Cuando en 1066 es designado Romano Diógenes, militar de renombre, como cabeza del Imperio Bizantino, bajo el nombre de Romano IV, se debió, precisamente, al peligro seldyucida que amenazaba las fronteras imperiales. Considerado como un gran estratega militar, Romano Diógenes pareció ser, para las clases dirigentes del Imperio, el hombre ideal para ocupar el puesto de Emperador. Ni Isaac I, ni mucho menos Constantino X habían sido capaces de elaborar una estrategia eficaz que terminase con la amenaza de los seldyucidas, quienes poco a poco iban invadiendo los territorios imperiales de Oriente. Así, cuando Romano IV fue coronado como Emperador, hubo de encarar ese gravísimo problema. Y todo parecía marchar para él sobre ruedas hasta que sobrevino la mayúscula desgracia de su derrota y aprisionamiento en las batallas de Mancicerta (agosto de 1070), viéndose obligado, para recuperar su libertad, a firmar un vergonzoso tratado en el que, además de adquirir el compromiso de pagar una gran cantidad de dinero, y de liberar a todos los prisioneros islámicos que se encontrasen en su poder, debía también proporcionar a los vencedores un contingente militar que actuase bajo sus órdenes. En cambio, los seldyucidas adquirieron un vago compromiso de respetar las fronteras imperiales sin especificar, claro está, su ubicación.

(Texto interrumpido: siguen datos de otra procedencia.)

(* If f(w) = f(x - y) with w ∈ A, then x - y - w is a torsion element of
   Ker f. *)
Lemma induced_tor_injective_of_bij (N N' : zmodType) (f : N -> N')
    (A : N -> Prop) (A' : N' -> Prop) :
  additive_fun f -> subgroup A ->
  (forall x y, torsion x -> torsion y -> f x = f y -> x = y) ->
  (forall x y, A x -> A y -> f x = f y -> x = y) ->
  (forall y', A' y' -> exists x, A x /\ f x = y') ->
  induced_tor_injective f A A'.
Proof.
move=> fA hA tor_inj lat_inj lat_surj x y tx ty.
rewrite -fA => /lat_surj[w [Aw fw]].
have [k [k_gt0 Ak]] := torsion_modB hA tx ty.
have fz0 : f (x - y - w) = 0 by rewrite fA fw subrr.
have tz : torsion (x - y - w).
  exists k; split=> //; apply: lat_inj.
  - by rewrite mulrnBl; apply: subgroupB => //; apply: subgroupMn.
  - exact: subgroup0.
  - by rewrite additive_funMn // fz0 mul0rn additive_fun0.
have : x - y - w = 0.
  apply: tor_inj => //; last by rewrite fz0 additive_fun0.
  by exists 1%N; rewrite mul0rn.
by move/subr0_eq ->.
Qed.

(* f(F_σ) lies in F'_τ0 for the τ0 given by the morphism; τ0 ∩ τ is a common
   face of τ0 and τ and f(F_σ) lies over its span, hence in
   F'_(τ0 ∩ τ) ⊆ F'_τ. *)
Lemma KMmorphism_lattice_into (R : realType) (N N' : zmodType) (n n' : nat)
    (iota : N -> 'rV[R]_n) (iota' : N' -> 'rV[R]_n') (I I' : finType)
    (sigma : I -> 'rV[R]_n -> Prop) (Lat : I -> N -> Prop)
    (sigma' : I' -> 'rV[R]_n' -> Prop) (Lat' : I' -> N' -> Prop)
    (f : N -> N') (fR : 'rV[R]_n -> 'rV[R]_n') (i : I) (j : I') :
  KMfan iota' sigma' Lat' -> lattice_datum iota (sigma i) (Lat i) ->
  realified_map iota iota' f fR -> KMmorphism sigma Lat sigma' Lat' f fR ->
  (forall v, sigma i v -> sigma' j (fR v)) ->
  forall x, Lat i x -> Lat' j (f x).
Proof.
move=> [_ [_ [_ [_ [_ [_ [meet' [_ face']]]]]]]] [_ _ Lspan _].
move=> [fRlin fRi] [_ fmor] hij x Lx; have [j0 [hs0 hl0]] := fmor i.
have [k [meet_k face_kj face_kj0]] := meet' j j0.
apply: ((face' j k face_kj (f x)).1 _).1.
apply: (face' j0 k face_kj0 (f x)).2; split; first exact: hl0.
rewrite -fRi; apply: (span_image fRlin _ (Lspan x Lx)) => v sv.
by apply: (meet_k (fR v)).2; split; [apply: hij | apply: hs0].
Qed.

Definition add_multiples (N : zmodType) (A : N -> Prop) (k : nat) (x : N) :=
  exists a y, A a /\ x = a + y *+ k.

Lemma subgroup_add_multiples (N : zmodType) (A : N -> Prop) k :
  subgroup A -> subgroup (add_multiples A k).
Proof.
move=> hA; split.
  by exists 0, 0; rewrite mul0rn addr0; split=> //; apply: subgroup0.
move=> _ _ [a [y [Aa ->]]] [a' [y' [Aa' ->]]]; exists (a - a'), (y - y').
by rewrite mulrnBl opprD addrACA; split=> //; apply: subgroupB.
Qed.

Lemma add_multiples_preimage (N N' : zmodType) (f : N -> N') (A : N -> Prop)
    (L' : N' -> Prop) k :
  additive_fun f -> subgroup L' -> (forall x, A x -> L' (f x)) ->
  (forall y, L' (y *+ k)) -> forall x, add_multiples A k x -> L' (f x).
Proof.
move=> fA hL' AL' hk _ [a [y [Aa ->]]].
by rewrite additive_funD // additive_funMn //; apply: subgroupD => //; apply: AL'.
Qed.

Section Lifting.
Variables (R : realType) (N N' : zmodType) (n n' : nat).
Variables (iota : N -> 'rV[R]_n) (iota' : N' -> 'rV[R]_n').
Variables (f : N -> N') (fR : 'rV[R]_n -> 'rV[R]_n').
Variables (sigma : 'rV[R]_n -> Prop) (sigma' : 'rV[R]_n' -> Prop).
Variables (A : N -> Prop) (A' L' : N' -> Prop).
Hypotheses (fgN : finitely_generated N) (iotaA : additive_fun iota).
Hypothesis iota_torsion : forall x, torsion x -> iota x = 0.
Hypotheses (fA : additive_fun f) (hfR : realified_map iota iota' f fR).
Hypothesis fR_cone : forall v, sigma v -> sigma' (fR v).
Hypotheses (hA : lattice_datum iota sigma A) (hL' : lifting iota' sigma' A' L').
Hypothesis f_lat : forall x, A x -> A' (f x).

Lemma lattice_datum_exponent :
  exists2 K, (0 < K)%N & forall x, Defs.span sigma (iota x) -> A (x *+ K).
Proof.
case: hA => hAsg _ _ Afin; apply: finite_index_exponent => // x k sx.
by rewrite additive_funMn // -scaler_nat; apply: spanZ.
Qed.

Lemma span_of_torsion_mod x : torsion_mod A x -> Defs.span sigma (iota x).
Proof.
case: hA => _ _ Aspan _ [k [k_gt0 Axk]].
by apply: (span_of_mulrn k_gt0); rewrite -additive_funMn //; apply: Aspan.
Qed.

Lemma lifting_add_multiples k : (0 < k)%N ->
  (forall y, Defs.span sigma (iota y) -> A (y *+ k)) ->
  lifting iota sigma A (add_multiples A k).
Proof.
case: hA => hAsg Atf Aspan _ k_gt0 hk.
have mem x : add_multiples A k x -> Defs.span sigma (iota x) -> A x.
  move=> [a [y [Aa ->]]] sx; apply: subgroupD => //; apply: hk.
  apply: (span_of_mulrn k_gt0); rewrite -additive_funMn //.
  have -> : iota (y *+ k) = iota (a + y *+ k) - iota a.
    by rewrite additive_funD // addrAC subrr add0r.
  by apply: spanB => //; apply: Aspan.
have hsg := subgroup_add_multiples k hAsg.
split=> // [x Lx tx | | x].
- apply: (Atf _ _ tx); apply: mem => //.
  by rewrite iota_torsion //; apply: span0.
- apply: (finite_index_of_multiples fgN hsg k_gt0) => y.
  by exists 0, y; rewrite add0r; split=> //; apply: subgroup0.
- split=> [Ax | [Lx sx]]; last exact: mem.
  by split; [exists x, 0; rewrite mul0rn addr0 | apply: Aspan].
Qed.

Lemma lifting_into :
  exists L, lifting iota sigma A L /\ forall x, L x -> L' (f x).
Proof.
have [K1 K1_gt0 hK1] := lattice_datum_exponent.
have [K2 K2_gt0 hK2] := lifting_exponent hL'.
case: hA => hAsg _ _ _; case: hL' => hL'sg _ _ L'iff.
exists (add_multiples A (K1 * K2)); split.
  apply: lifting_add_multiples => [|y sy]; first by rewrite muln_gt0 K1_gt0.
  by rewrite mulrnA; apply: subgroupMn => //; apply: hK1.
apply: add_multiples_preimage => // [x Ax | y].
  exact: ((L'iff _).1 (f_lat Ax)).1.
by rewrite mulnC mulrnA; apply: subgroupMn.
Qed.

Lemma preimage_lifting :
  induced_tor_injective f A A' -> lifting iota sigma A (fun x => L' (f x)).
Proof.
move=> hti; have [K1 K1_gt0 hK1] := lattice_datum_exponent.
have [K2 K2_gt0 hK2] := lifting_exponent hL'.
case: hA => hAsg Atf Aspan _; case: hL' => hL'sg L'tf _ L'iff.
have hsg := preimage_subgroup hL'sg fA.
split=> // [x L'fx tx | | x].
- have [k [k_gt0 xk0]] := tx.
  have fx0 : f x = 0.
    by apply: L'tf => //; exists k; rewrite -additive_funMn // xk0 additive_fun0.
  apply: (Atf _ _ tx); apply: induced_tor_injective_mem hti _ _ => //.
    by exists k; rewrite xk0; split=> //; apply: subgroup0.
  by rewrite fx0 -(additive_fun0 fA); apply: f_lat; apply: subgroup0.
- apply: (finite_index_of_multiples fgN hsg K2_gt0) => y.
  by rewrite additive_funMn.
- split=> [Ax | [L'fx sx]].
    by split; [exact: ((L'iff _).1 (f_lat Ax)).1 | apply: Aspan].
  apply: induced_tor_injective_mem hti _ _ => //.
    by exists K1; split=> //; apply: hK1.
  case: hfR => fRlin fRi; apply/(L'iff _).2; split=> //.
  by rewrite -fRi; apply: span_image fRlin fR_cone sx.
Qed.

Lemma induced_tor_injective_of_lifting L :
  lifting iota sigma A L -> induced_injective f L L' ->
  induced_tor_injective f A A'.
Proof.
case=> _ _ _ Liff inj x y tx ty A'fxy.
have [hAsg _ _ _] := hA; have [_ _ _ L'iff] := hL'.
apply/(Liff _).2; split; first by apply: inj; exact: ((L'iff _).1 A'fxy).1.
exact/span_of_torsion_mod/torsion_modB.
Qed.

End Lifting.

Theorem lemma2p5p6 (R : realType)
  (N N' : zmodType) (n n' : nat)
  (iota : N -> 'rV[R]_n) (iota' : N' -> 'rV[R]_n')
  (I I' : finType)
  (sigma : I -> 'rV[R]_n -> Prop) (Lat : I -> N -> Prop)
  (sigma' : I' -> 'rV[R]_n' -> Prop) (Lat' : I' -> N' -> Prop)
  (f : N -> N') (fR : 'rV[R]_n -> 'rV[R]_n')
  (hF : KMfan iota sigma Lat) (hF' : KMfan iota' sigma' Lat')
  (hfR : realified_map iota iota' f fR)
  (hf : KMmorphism sigma Lat sigma' Lat' f fR)
  (i : I) (j : I') (hij : forall v, sigma i v -> sigma' j (fR v))
  (L' : N' -> Prop) (hL' : lifting iota' (sigma' j) (Lat' j) L') :
  [/\ (* (1) *)
      (exists L : N -> Prop, lifting iota (sigma i) (Lat i) L /\
          forall x, L x -> L' (f x)),
      (* (2) *)
      ((forall x y, torsion x -> torsion y -> f x = f y -> x = y) ->
       (forall x y, Lat i x -> Lat i y -> f x = f y -> x = y) ->
       (forall y', Lat' j y' -> exists x, Lat i x /\ f x = y') ->
       induced_tor_injective f (Lat i) (Lat' j)),
      (* (3) *)
      (induced_tor_injective f (Lat i) (Lat' j) ->
       lifting iota (sigma i) (Lat i) (fun x => L' (f x)) /\
       induced_injective f (fun x => L' (f x)) L') &
      (* (4) *)
      ((exists L : N -> Prop, [/\ lifting iota (sigma i) (Lat i) L,
            (forall x, L x -> L' (f x)) & induced_injective f L L']) ->
       induced_tor_injective f (Lat i) (Lat' j))].
Proof.
have [fgN [[iotaA iota_ker _] [_ [_ [_ [_ [_ [hLat _]]]]]]]] := hF.
have iota_torsion x : torsion x -> iota x = 0 := (iota_ker x).2.
have [fA _] := hf.
have f_lat := KMmorphism_lattice_into hF' (hLat i) hfR hf hij.
split.
- exact: lifting_into fgN iotaA iota_torsion fA (hLat i) hL' f_lat.
- by case: (hLat i) => hAsg _ _ _; apply: induced_tor_injective_of_bij.
- move=> hti; split; last by move=> x y; rewrite fA.
  exact: preimage_lifting fgN iotaA fA hfR hij (hLat i) hL' f_lat hti.
- move=> [L [hL _ inj]].
  exact: (induced_tor_injective_of_lifting iotaA (hLat i) hL' hL inj).
Qed.
(* Let $\mathcal C$ be a category with a class of cofibrations and a class of fibrations such that every map from a cofibrant object to a fibrant object factors both as a cofibration followed by an acyclic fibration and as an acyclic cofibration followed by a fibration, and such that every cofibration from a cofibrant object to a fibrant object admits a relative strong cylinder object. The following conditions are equivalent: (i) $\mathcal C$ is a weak model category, i.e. any fibration from a cofibrant object to a fibrant object admits a relative strong path object; (ii) if $A\overset{i}{\hookrightarrow}B\overset{j}{\hookrightarrow}C$ are two cofibrations between bifibrant objects such that $i$ and $j\circ i$ are acyclic, then $j$ is acyclic; (iii) there is a class $\mathcal J$ of acyclic cofibrations such that any map from a cofibrant object to a fibrant object factors as a map in $\mathcal J$ followed by a fibration, and condition (ii) holds when we further assume $i\in\mathcal J$.
   Context: A class of cofibrations: a class of maps with a cofibrant initial object $0$ ($X$ cofibrant iff $0\to X$ is a cofibration), containing isomorphisms with cofibrant domain, closed under composition, and such that pushouts of a cofibration $A\to B$ along $A\to C$ with $A,C$ cofibrant exist and $C\to C\sqcup_AB$ is a cofibration; a class of fibrations is the dual notion. Bifibrant = fibrant and cofibrant. Acyclic fibration: fibration with the right lifting property against all cofibrations between cofibrant objects; acyclic cofibration: cofibration with the left lifting property against all fibrations between fibrant objects. A relative strong cylinder object for a cofibration $A\to B$ is a factorization $B\sqcup_AB\to I_AB\to B$ of the codiagonal whose first map is a cofibration and whose restriction along the first inclusion of $B$ is an acyclic cofibration. A relative strong path object for a fibration $Y\to X$ is a factorization $Y\to P_XY\to Y\times_XY$ of the diagonal whose second map is a fibration and whose composite with the first projection is an acyclic fibration. A weak model category is a category with these classes satisfying the factorization condition, having relative strong cylinder objects for cofibrations from cofibrant to fibrant objects, and relative strong path objects for fibrations from cofibrant to fibrant objects. *)

Set Implicit Arguments.
Set Universe Polymorphism.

Tan grave descalabro trajo, como inmediata consecuencia, que en Constantinopla se destituyera al Emperador nombrándose a Miguel VII como su sucesor, y elaborándose un comunicado en el que se especificaba claramente que, para el Imperio, era nulo cualquier acuerdo o tratado que en cautiverio firmase o aceptase Romano Diógenes, por no tener éste ya la menor representatividad. La consecuencia que acarreó aquél apresurado comunicado fue la ocupación, por parte de los seldyucidas, de prácticamente todo el territorio imperial de Asia Menor. Al interior del Imperio, como suele ocurrir en casos de derrotas militares significativas, se creó una enorme confusión, produciéndose levantamientos en contra de Miguel VII, y uno de éstos, ocurrido en el invierno de 1077, acabaría derrocándolo, siendo substituido por Nicéforo III, quien también terminaría siendo derrocado por una sublevación, substituyéndole como Emperador, en 1081, Alejo Comneno, con el nombre de Alejo I. La suerte del en otro tiempo poderoso Imperio Bizantino parecía llegar a su fin.
Aquél cúmulo de noticias se esparció por Europa, causando impacto en Occidente al verse éste inerme ante la avanzada islámica que rompía el muro de contención que los bizantinos representaban. El pretexto del que haría uso el Papa Urbano II en su llamado para la realización de las cruzadas, se había producido. El escenario quedaba listo.